Os indicadores eletrónicos de momento de carga caracterizam-se pela elevada precisão (erros normalmente controlados dentro de ±5%, de acordo com os requisitos de calibração da norma ISO 10245), pelas suas funcionalidades avançadas (equipados com gravação em «caixa negra» e autodiagnóstico de avarias) e pela sua forte adaptabilidade. Nos últimos anos, com o desenvolvimento da inteligência artificial, alguns sistemas avançados introduziram a função «ensinar e reproduzir», que permite registar as trajetórias de operação de operadores experientes para alcançar um controlo otimizado do momento em tempo real durante operações automatizadas.

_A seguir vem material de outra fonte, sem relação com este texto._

(* Let $S=\operatorname{FInv}\langle X\mid R\rangle$ be the $F$-inverse monoid presented by generators $X$ and a symmetric relation $R\subseteq\mathbb{I}\mathfrak{m}_X\times\mathbb{I}\mathfrak{m}_X$, and let $G$ be its greatest group image. Then the closure operators $c_R$ and $c_S$ on $\operatorname{Sub}\Gamma_X$ coincide.
   Context: $F$-inverse monoids (inverse monoids in which each $\sigma$-class has a greatest element $s^{\mathfrak m}$) form a variety in signature $(\cdot,1,{}^{-1},{}^{\mathfrak m})$; $\operatorname{FInv}\langle X\mid R\rangle$ is the quotient of the free $F$-inverse monoid on $X$ by the congruence generated by $R$, $X$-generated via the images of $X$. $\mathbb{I}\mathfrak{m}_X$ is the set of terms $u_0v_1^{\mathfrak m}u_1\cdots v_n^{\mathfrak m}u_n$ ($u_i,v_i\in(X\cup X^{-1})^*$); $w_S$, $w_G$ denote values. $\Gamma_X$ is the Cayley graph of $G$ (vertices $G$, edge labeled $x$ from $g$ to $gx_G$, $x\in X\cup X^{-1}$, with inverse edges) and $\operatorname{Sub}\Gamma_X$ its lattice of subgraphs (closed under endpoints and inverse edges). The journey labeled $w$ from $g$ is $(g\overline{u_0},g(u_0v_1)_G\overline{u_1},\dots,g(u_0v_1\cdots u_{n-1}v_n)_G\overline{u_n})$, where $h\overline u$ is the path from $h$ labeled by the word $u$; $w$ labels a journey in $\Delta$ from $g$ to $h$ if $gw_G=h$ and all these paths lie in $\Delta$. For a symmetric relation $Q$ on $\mathbb{I}\mathfrak{m}_X$ whose pairs are equal in $G$, $c_Q$ is the closure operator on $\operatorname{Sub}\Gamma_X$ whose closed graphs are those $\Delta$ such that for all $(u,v)\in Q$ and $g,h\in V(\Delta)$, $u$ labels a journey in $\Delta$ from $g$ to $h$ iff $v$ does ($\Delta^{c_Q}$ is the intersection of closed graphs containing $\Delta$); $c_S=c_Q$ for $Q=\{(u,v):u_S=v_S\}$. *)

From Stdlib Require Import List.
Import ListNotations.
Set Implicit Arguments.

Tabela 1. Comparação entre LMIs mecânicos e eletrónicos

Aspecto LMI mecânica LMI eletrónico
Mecanismo central Alavancas, molas, contrapesos Modelo de sensores + CPU + software
Requisitos de alimentação Nenhum (passivo) É necessária alimentação externa de corrente contínua
Precisão Baixo (sensível ao desgaste/fadiga) Elevado (±5%, valor típico)
Visualização em tempo real Não Sim (peso, raio, % da potência nominal)
Suporte para várias condições Fraco (configuração fixa) Excelente (mudança dinâmica de curva)
Caixa negra / diagnóstico Não disponível Funcionalidade padrão
Aplicações típicas Gruas de torre antigas Guindastes móveis, de torre e portuários modernos
Custo Custo inicial mais baixo Mais elevado, mas em declínio

Exemplo prático — Cálculo do momento LMI:
Dados: W = 8,0 t (medido pela célula de carga), r = 12 m (raio de trabalho medido pelo sensor de ângulo da lança), a capacidade nominal para r = 12 m é de 4,2 t (segundo a curva característica registada).
M_real = W × r = 8,0 × 12 = 96 t·m
M_rated = 4,2 × 12 = 50,4 t·m
Rácio = M_real / M_nominal = 96 / 50,4 ≈ 190%
Resultado: 190% > 100% → O sistema interrompe imediatamente os movimentos perigosos. (Valores ilustrativos; as curvas nominais reais variam consoante o modelo da grua.)

2. Princípios e métodos de implementação dos limitadores de carga

A principal função de um limitador de carga (também conhecido como limitador de peso de carga) é impedir que as gruas levantem objetos que excedam a carga nominal, evitando assim a ruptura dos cabos de aço, a queima do motor ou a deformação plástica da estrutura.

2.1 Princípio de funcionamento dos limitadores de carga com extensómetros

A tecnologia dos extensómetros é, atualmente, o método de deteção de peso mais utilizado. O seu componente principal é o extensómetro de resistência, que é normalmente colado em componentes estruturais do guindaste sujeitos a carga (tais como pinos e tirantes) ou em corpos elásticos específicos para sensores. De acordo com a Lei de Hooke, dentro da faixa elástica, a deformação do material é proporcional à tensão. Quando uma carga pesada é levantada, o corpo elástico sofre uma microdeformação, provocando uma alteração no valor da resistência do extensómetro colado. Uma ponte de Wheatstone converte esta variação de resistência num sinal de tensão, que é depois amplificado e convertido através de conversão A/D, permitindo que o processador calcule o peso real.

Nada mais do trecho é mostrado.